Open dhoule opened 4 years ago
Current problem is "over pruning":
mpiexec -n 16 ./mpi_dbscan -i clus50k.bin -b -m 5 -e 25
Dataset used: clus50k.bin
Number of process cores 16
Epsilon: 25 MinPts: 5
Dimensions of each point: 10
Init time 0.00420398
Local computation took 2.3343
Merging took 0.0646524
Parallel DBSCAN (init, local computation, and merging) took 2.45995 seconds
Points in clusters 46787 Noise 3213 Total points 50000
Total number of clusters 566
The number of clusters is supposed to be 51. Like before, this is just fine tuning the code...
Well, the latest lest gave accurate results, but was HORRIBLE for time:
mpiexec -n 16 ./mpi_dbscan -i clus50k.bin -b -m 5 -e 25
Dataset used: clus50k.bin
Number of process cores 16
Epsilon: 25 MinPts: 5
Dimensions of each point: 10
Init time 0.00422827
Local computation took 105.643
Merging took 0.058158
Parallel DBSCAN (init, local computation, and merging) took 105.856 seconds
Points in clusters 46914 Noise 3086 Total points 50000
Total number of clusters 51
2 things I can think of.
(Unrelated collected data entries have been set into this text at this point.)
Theorem mainTheorem4 (Prim : Type) (primsem : Prim -> env -> Heap -> Prop)
  (L R : list (assn Prim * list avar)) (eta : env) :
  canonical L R ->
  PC primsem L R eta ->
  valid_n primsem 2 eta (lhs L) (rhs R).
Proof.
  intros Hcan HPC rho Hrho h Hlhs.
  pose proof Hcan as [_ [HLfree [HRfree _]]].
  set (d := (@ATrue Prim, @nil avar)).
  destruct (finite_choice h (fun i F => sem primsem eta rho (fst (nth i L d)) F /\
              starIter rho (heq_n F) (snd (nth i L d)) h) (m := length L)) as [Fs HFs].
  { intros i Hi. exact (lhs_conjunct primsem Hlhs (nth_In L d Hi)). }
  destruct (HPC (meet2 h) (fun i => meet2 (Fs i)))
    as [[i [j [Hi [Hj [Hpsi Hge]]]]] | [j [Hj [Hnil Hpsi]]]].
  - intros i Hi. destruct (HFs i Hi) as [HF Hstar]. split.
    + exact (meet2_mono (starIter_heq_below rho Hstar)).
    + exact (sem_meet primsem (HLfree _ (nth_In L d Hi)) eta (Fs i) HF).
  - pose proof (nth_In R d Hj) as HjR.
    apply (rhs_disjunct primsem HjR). destruct (HFs i Hi) as [_ Hstar].
    exact (matched_disjunct primsem Hrho (HRfree _ HjR) Hpsi
             (mult_ge_counts Hcan HjR Hge) Hstar).
  - pose proof (nth_In R d Hj) as HjR.
    apply (rhs_disjunct primsem HjR). change (snd (nth j R d) = []) in Hnil. rewrite Hnil.
    exact (unary_to_binary primsem Hrho (HRfree _ HjR) Hpsi (hle_n_refl h)).
Qed.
I'm using the C++ library functions set_intersection
, and copy
. The use of the standard functions seems to add a lot of time to the code. As Josh did, and I did with a binary search usage, I'm going to have to make my own "intersection" function to speed things up.
For the copy
function, I'm just going to use a "for loop."
This will be done after I've committed the code. I've met the accuracy requirement. Now, I have to meet the time requirement.
I reworked the code. I got the timing down to a more "reasonable" area, but the accuracy is off again:
mpiexec -n 16 ./mpi_dbscan -i clus50k.bin -b -m 5 -e 25
Dataset used: clus50k.bin
Number of process cores 16
Epsilon: 25 MinPts: 5
Dimensions of each point: 10
Init time 0.000541579
Local computation took 1.6466
Merging took 0.155283
Parallel DBSCAN (init, local computation, and merging) took 1.80828 seconds
Points in clusters 38250 Noise 11750 Total points 50000
Total number of clusters 4630
Some really great news! I used Josh's kdtree_set_difference
function, and got a massive increase in speed! After moving some code around, I got the accuracy back again. Will be committing soon.
The latest test results:
mpiexec -n 16 ./mpi_dbscan -i clus50k.bin -b -m 5 -e 25
Dataset used: clus50k.bin
Number of process cores 16
Epsilon: 25 MinPts: 5
Dimensions of each point: 10
Init time 0.00283968
Local computation took 30.2367
Merging took 0.055811
Parallel DBSCAN (init, local computation, and merging) took 30.3308 seconds
Points in clusters 45795 Noise 4205 Total points 50000
Total number of clusters 51
The next move needs to be getting rid of the std::copy
function. It is used twice in the dbscan.cpp
file. ~105 sec --> ~30 sec with just 1 custom function. Can't wait to see what happens with this one!
There was no improvement by getting rid of the std::copy()
function.
My next plan is to add "core points" if they don't exist, and remove culled points, from the main loop vector. I need to figure out how to keep the dbs.neededIndices
vector sorted while doing this. If the points have been seen not to be "core points," there is no sense in revisiting them.
I got the time time, but the accuracy is off again:
mpiexec -n 16 ./mpi_dbscan -i clus50k.bin -b -m 5 -e 25
Dataset used: clus50k.bin
Number of process cores 16
Epsilon: 25 MinPts: 5
Dimensions of each point: 10
Init time 0.00460396
Local computation took 4.86409
Merging took 0.0447575
Parallel DBSCAN (init, local computation, and merging) took 4.91621 seconds
Points in clusters 41450 Noise 8550 Total points 50000
Total number of clusters 198
Making a new check point. I find it odd that the time increased when going from 2 nodes to 16 nodes. It might be the need for more message passing.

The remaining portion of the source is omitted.